Working data Start Marker
Lemma V12_polymap : V12 = polymap
  [:: PConst 1 - PConst 2 * X2 0 * X2 1; X2 1 * (PConst 1 - X2 0 * X2 1);
      X2 0; PConst 0; PConst 0; X2 0]%PE.
Proof.
apply: funext => z; elim/row2_ind: z => u w; rewrite V12_row2 V2_row3.
by apply/rowP => -[[|[|[|[|[|[|//]]]]]] ?]; rewrite !mxE /= ?mxE ?inordK //=; ring.
Qed.

Definition mxseq m n (l : seq (seq R)) : 'M[R]_(m, n) := \matrix_(i, j) nth 0 (nth [::] l i) j.

Definition J1 : 'M[R]_(3, 6) :=
  mxseq 3 6 [:: [:: 0; 0; 1; 0; 0; 1]; [:: 1; 0; 0; 0; 0; 0]; [:: 0; 1; 0; 0; 0; 0]].

Definition J2 (u v w : R) : 'M[R]_(3, 6) := mxseq 3 6
  [:: [:: -2 * w; - w ^+ 2; 1; 0; 0; 1];
      [:: w ^+ 2; w ^+ 3; - w; - w ^+ 2; 1; w];
      [:: -2 * u + 2 * v * w; 1 - 2 * u * w + 3 * v * w ^+ 2; - v; -2 * v * w; 0; v]].

Definition J12 (u w : R) : 'M[R]_(2, 6) := mxseq 2 6
  [:: [:: -2 * w; - w ^+ 2; 1; 0; 0; 1]; [:: -2 * u; 1 - 2 * u * w; 0; 0; 0; 0]].

Lemma jacobian_V1 x : 'J V1 x = J1.
Proof.
rewrite V1_polymap; apply/matrixP => i j; rewrite jacobian_polymap mxE.
by case: i => -[|[|[|//]]] ? ; case: j => -[|[|[|[|[|[|//]]]]]] ? /=; rewrite ?mxE ?inord_eq.
Qed.

Lemma jacobian_V2 u v w : 'J V2 (row3 [:: u; v; w]) = J2 u v w.
Proof.
rewrite V2_polymap; apply/matrixP => i j; rewrite jacobian_polymap mxE.
case: i => -[|[|[|//]]] ? ; case: j => -[|[|[|[|[|[|//]]]]]] ? /=;
  by rewrite ?mxE ?inord_eq ?inordK //=; ring.
Qed.

Lemma jacobian_V12 u w : 'J V12 (row2 [:: u; w]) = J12 u w.
Proof.
rewrite V12_polymap; apply/matrixP => i j; rewrite jacobian_polymap mxE.
case: i => -[|[|//]] ? ; case: j => -[|[|[|[|[|[|//]]]]]] ? /=;
  by rewrite ?mxE ?inord_eq ?inordK //=; ring.
Qed.

End Parametrizations.

Lemma rank_right_invertible (F : fieldType) m n (A : 'M[F]_(m, n)) (B : 'M[F]_(n, m)) :
  A *m B = 1%:M -> \rank A = m.
Proof. by move=> AB; apply/eqP/row_freeP; exists B. Qed.

Section TangentSpaces.
Variable R : realType.
Local Notation mxseq := (@mxseq R).
Local Notation J1 := (@J1 R).
Implicit Types u v w : R.

Lemma rank_J1 : \rank J1 = 3.
Proof.
apply: (@rank_right_invertible _ _ _ _ (mxseq 6 3
  [:: [:: 0; 1; 0]; [:: 0; 0; 1]; [:: 1; 0; 0]; [:: 0; 0; 0]; [:: 0; 0; 0]; [:: 0; 0; 0]])).
apply/matrixP => i j; rewrite !mxE !big_ord_recr big_ord0 /= !mxE.
by case: i => -[|[|[|//]]] ?; case: j => -[|[|[|//]]] ? /=; ring.
Qed.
Working data End Marker
*Task item*: Find each line in the records above that contains "matrixP", and copy it.

*Written answer*:
rewrite V1_polymap; apply/matrixP => i j; rewrite jacobian_polymap mxE.
rewrite V2_polymap; apply/matrixP => i j; rewrite jacobian_polymap mxE.
rewrite V12_polymap; apply/matrixP => i j; rewrite jacobian_polymap mxE.
apply/matrixP => i j; rewrite !mxE !big_ord_recr big_ord0 /= !mxE.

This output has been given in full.